Explaining the Expanded Mandate and Powers of the European Securities and Markets Authority (ESMA) in Financial Sector Governance
Wednesday, July 12, 2017
Turnbull Room (University of Glasgow)
Aneta Spendzharova
,
Political Science, Maastricht University
Originating from a small networked committee of national regulators, CESR, the European Securities and Markets Authority (ESMA) has gained considerable powers since 2008. It has become the single supervisor of credit rating agencies and trade repositories operating in the EU and has recently fined market actors for violating the EU rules. Thus, over time, ESMA’s mandate and capacity to regulate the European securities sector have become comparable to those of its US counterpart, the Securities and Exchange Commission. ESMA has both decision-making and information gathering competences.

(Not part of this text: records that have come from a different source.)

Lemma step_reach h h' b2 a0 a2 b1 : col_adj G h h' -> reach_inv (centres h) b2 a0 a2 b1 ->
  reach_inv (centres h') (b2 || aligned true 2%R h') (a0 || aligned false 0%R h')
                         (a2 || aligned false 2%R h') (b1 || aligned true 1%R h').
Proof.
move=> hh' inv; have [P01 _] := proper_dsP _ (proj1 (andP hh')).
have [/eqP -> | moved] := boolP (centres h' == centres h).
  by apply: (reach_inv_mono inv); apply/implyP => ->.
have [s hs] : exists s, h (centre s) != h' (centre s).
  case: (h c0 =P h' c0) => [e0 | /eqP ne0]; last by exists false.
  by exists true; apply: contraNneq moved => e1; rewrite /centres -e0 -e1.
have [-> al] := centre_step hh' hs.
have upd flag t z :
    (flag || (s == t) && (other s (centres h) == z)) ==> (flag || aligned t z h').
  by apply/implyP => /orP [-> // | /andP [/eqP <- /eqP <-]]; rewrite al orbT.
have := allP (allP (allP (allP (allP (allP (allP reach_inv_flip_table _ (mem_Z3_enum (h c0)))
  _ (mem_Z3_enum (h c1))) _ (mem_bools s)) _ (mem_bools b2)) _ (mem_bools a0))
  _ (mem_bools a2)) _ (mem_bools b1).
rewrite P01 inv => /implyP/(_ isT) inv'.
by apply: (reach_inv_mono inv'); apply: upd.
Qed.

Lemma walk_reach h p b2 a0 a2 b1 :
  path (col_adj G) h p -> reach_inv (centres h) b2 a0 a2 b1 ->
  reach_inv (centres (last h p))
    (b2 || has (aligned true 2%R) p) (a0 || has (aligned false 0%R) p)
    (a2 || has (aligned false 2%R) p) (b1 || has (aligned true 1%R) p).
Proof.
elim: p h b2 a0 a2 b1 => [|h' p IH] h b2 a0 a2 b1 /=; first by rewrite !orbF.
by case/andP=> hh' hp inv; rewrite !orbA; apply: IH hp (step_reach hh' inv).
Qed.

Definition far_src : colouring :=
  [ffun v : V => if (v == c0) || (2 <= v) && side v then 0%R else 1%R].

(* The first [(a + b) %/ 2] leaves must change twice if the walk goes through (2,1),(2,0),
   the others if it goes through (0,2),(1,2). *)
Definition far_dst : colouring :=
  [ffun v : V => if v < 2 then (if v == c0 then 1%R else 0%R)
                 else if v < (a + b) %/ 2 + 2 then (if side v then 1%R else 2%R)
                 else (if side v then 2%R else 0%R)].

Lemma far_src_leaf v : 2 <= v -> far_src v = if side v then 0%R else 1%R.
Proof. by move=> v2; rewrite ffunE v2; case: eqP => // v0; move: v2; rewrite v0. Qed.

Lemma far_dst_leaf v : 2 <= v ->
  far_dst v = if v < (a + b) %/ 2 + 2 then (if side v then 1%R else 2%R)
              else (if side v then 2%R else 0%R).
Proof. by move=> v2; rewrite ffunE ltnNge v2. Qed.

Lemma proper_far_src : proper3 G far_src.
Proof.
apply/proper_dsP; split; first by rewrite !ffunE.
by move=> v v2; rewrite far_src_leaf // !ffunE; case: (side v).
Qed.

Lemma proper_far_dst : proper3 G far_dst.
Proof.
apply/proper_dsP; split; first by rewrite !ffunE.
by move=> v v2; rewrite far_dst_leaf // !ffunE; case: (side v); case: (_ < _).
Qed.

Lemma far_walk_lower p : path (col_adj G) far_src p -> last far_src p = far_dst ->
  3 * (a + b + 2) %/ 2 <= size p.
Proof.
move=> hp hl; set m := (a + b) %/ 2.
have inv0 : reach_inv (centres far_src) false false false false by rewrite /centres !ffunE.
have := walk_reach hp inv0; rewrite hl /centres !ffunE /= => /and3P [_ ev _].
have in_walk k : k \in p -> k \in far_src :: p by move=> kp; rewrite inE kp orbT.
case/orP: ev => /andP [/hasP [k1 /in_walk k1p /alignedP [k1c k1l]]]
                      /hasP [k2 /in_walk k2p /alignedP [k2c k2l]].
- have : \sum_(v : V) (1 + (0 <= v < 1) + (2 <= v < m + 2)) <= size p.
    apply: walk_lower_bound hp _ => v; rewrite hl.
    case: (leqP 2 v) => [v2 | /centre_cases [] ->]; last 2 first.
    + by exists k1; rewrite // k1c !ffunE.
    + by exists far_src; rewrite ?mem_head // !ffunE.
    rewrite far_src_leaf // far_dst_leaf //; case sv: (side v).
    + by exists k1; rewrite // k1l // -/m; case: (ltnP v (m + 2)) => vm /=; lia.
    + by exists k2; rewrite // k2l // -/m; case: (ltnP v (m + 2)) => vm /=; lia.
  by rewrite !big_split sum1_card card_ord !sum_range /= /m; lia.
- have : \sum_(v : V) (1 + (1 <= v < 2) + (m + 2 <= v < a + b + 2)) <= size p.
    apply: walk_lower_bound hp _ => v; rewrite hl.
    case: (leqP 2 v) => [v2 | /centre_cases [] ->]; last 2 first.
    + by exists far_src; rewrite ?mem_head // !ffunE /=; lia.
    + by exists k1; rewrite // k1c !ffunE /=; lia.
    rewrite far_src_leaf // far_dst_leaf //; case sv: (side v).
    + by exists k2; rewrite // k2l // -/m; case: (ltnP v (m + 2)) => vm /=; lia.
    + by exists k1; rewrite // k1l // -/m; case: (ltnP v (m + 2)) => vm /=; lia.
  by rewrite !big_split sum1_card card_ord !sum_range /= /m; lia.
Qed.

End DoubleStar.

Theorem mainTheorem18 (a b : nat) :
  1 <= a -> 1 <= b -> a <= b + 4 -> b <= a + 4 ->
  diam_eq (proper3 (double_star a b)) (col_adj (double_star a b))
          ((3 * (a + b + 2)) %/ 2).
Proof.
move=> _ _ ab ba; split; first by move=> f g Pf Pg; apply: dist_upper.
exists (far_src a b), (far_dst a b); split; [exact: proper_far_src | exact: proper_far_dst |].
move=> k lt_k [p [hp hl sz]].
by move: lt_k; rewrite ltnNge (leq_trans (far_walk_lower hp hl) sz).
Qed.
Lemma ltr_pdiv2r (x y : R) : (x / D < y / D) = (x < y).
Proof. by rewrite ltr_pM2r ?invr_gt0. Qed.

Lemma ler_pdiv2r (x y : R) : (x / D <= y / D) = (x <= y).
Proof. by rewrite ler_pM2r ?invr_gt0. Qed.

Lemma union_gap_cell (e : nat) (t : R) :
  ~~ kept e -> e%:R / D < t < e.+1%:R / D -> ~ union t.
Proof.
move=> ke /andP[lt_et lt_tS] [j /= kj /grid_blockP/andP[le_jt le_tS]].
have lt_jSe : (j < e.+1)%N by rewrite -(ltr_nat R) -ltr_pdiv2r (le_lt_trans le_jt lt_tS).
have lt_eSj : (e < j.+1)%N by rewrite -(ltr_nat R) -ltr_pdiv2r (lt_le_trans lt_et le_tS).
have ej : j = e by lia.
by rewrite -ej kj in ke.
Qed.

Definition run_start (r : nat) : bool := kept r && ((r == 0)%N || ~~ kept r.-1).

Lemma union_gap_run_start (r : nat) (t : R) :
  run_start r -> (r%:R - 1) / D < t < r%:R / D -> ~ union t.
Proof.
move=> /andP[_ r_first] /andP[lt_rt lt_tr].
move=> [j /= kj /grid_blockP/andP[le_jt le_tS]].
have lt_jr : (j < r)%N by rewrite -(ltr_nat R) -ltr_pdiv2r (le_lt_trans le_jt lt_tr).
have lt_rSSj : (r < j.+2)%N.
  by rewrite -(ltr_nat R) -[j.+2]addn1 natrD -ltrBlDr -ltr_pdiv2r (lt_le_trans lt_rt le_tS).
have rj : r = j.+1 by lia.
by rewrite rj /= kj in r_first.
Qed.

Definition maximal_run (r e : nat) : Prop :=
  [/\ run_start r, ~~ kept e, (r <= e)%N & forall i, (r <= i < e)%N -> kept i].

Lemma maximal_run_lt (r e : nat) : maximal_run r e -> (r < e)%N.
Proof.
case=> /andP[kr _] ke le_re _; rewrite ltn_neqAle le_re andbT.
by apply/eqP => er; rewrite -er kr in ke.
Qed.

Lemma block_sub_union (r e : nat) :
  (r < e)%N -> (forall i, (r <= i < e)%N -> kept i) -> block r e `<=` union.
Proof.
move=> lt_re kept_run t /grid_blockP/andP[le_rt le_te].
pose below j := (r <= j < e)%N && (j%:R / D <= t).
have exP : exists j, below j by exists r; rewrite /below leqnn lt_re.
have ubP j : below j -> (j <= e)%N by case/andP=> /andP[_ /ltnW].
case: (ex_maxnP exP ubP) => j /andP[/andP[le_rj lt_je] le_jt] jmax.
exists j; first by apply: kept_run; rewrite le_rj.
apply/grid_blockP; rewrite le_jt /=.
have [lt_Sje | le_eSj] := ltnP j.+1 e; last by have -> : j.+1 = e by lia.
rewrite leNgt; apply/negP => lt_St.
suff : (j.+1 <= j)%N by rewrite ltnn.
by apply: jmax; rewrite /below (ltW lt_St) lt_Sje andbT (leqW le_rj).
Qed.

Lemma run_end_exists (r : nat) :
  exists e, [/\ ~~ kept e, (r <= e)%N & forall i, (r <= i < e)%N -> kept i].
Proof.
have exP : exists e, (r <= e)%N && ~~ kept e.
  by exists (r + N)%N; rewrite leq_addr kept_ge ?leq_addl.
case: (ex_minnP exP) => e /andP[le_re ke] emin; exists e; split=> // i /andP[le_ri lt_ie].
by apply: contraTT lt_ie => ki; rewrite -leqNgt emin // le_ri.
Qed.

Lemma run_start_exists (j : nat) : kept j ->
  exists r, [/\ run_start r, (r <= j)%N & forall i, (r <= i <= j)%N -> kept i].
Proof.
elim: j => [|j IHj] kSj.
  by exists 0%N; split=> [|//|i]; [rewrite /run_start kSj | rewrite leqn0 => /eqP->].
have [kj | nkj] := boolP (kept j).
  have [r [rs le_rj kept_rj]] := IHj kj; exists r; split=> [//||i]; first exact: leqW.
  case/andP=> le_ri; rewrite leq_eqVlt ltnS => /orP[/eqP-> // | le_ij].
  by apply: kept_rj; rewrite le_ri.
exists j.+1; split=> [||i]; rewrite ?/run_start ?kSj ?nkj ?orbT //.
by rewrite -eqn_leq => /eqP<-.
Qed.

It decides upon important binding technical standards in securities trading and plays a crucial role in the harmonization of national practices across its counterparts in the member states through issuing guidelines, best practices and conducting peer reviews.
What explains this unparalleled transfer of powers to the supranational level in European financial sector governance? This paper argues that the succession of crises affecting the EU’s financial and economic order created a momentum for centralization of governance, operationalized in terms of the creation of new EU institutions and transfer of powers and competences from the member states to the EU. Furthermore, following up on the adopted legislative reforms, ESMA has also received new responsibilities for ensuring harmonized rule application across the EU. The agency’s growing powers and prominence in EU financial sector governance are examined focusing on the case of the Markets in Financial Instruments Directive II (MiFID II).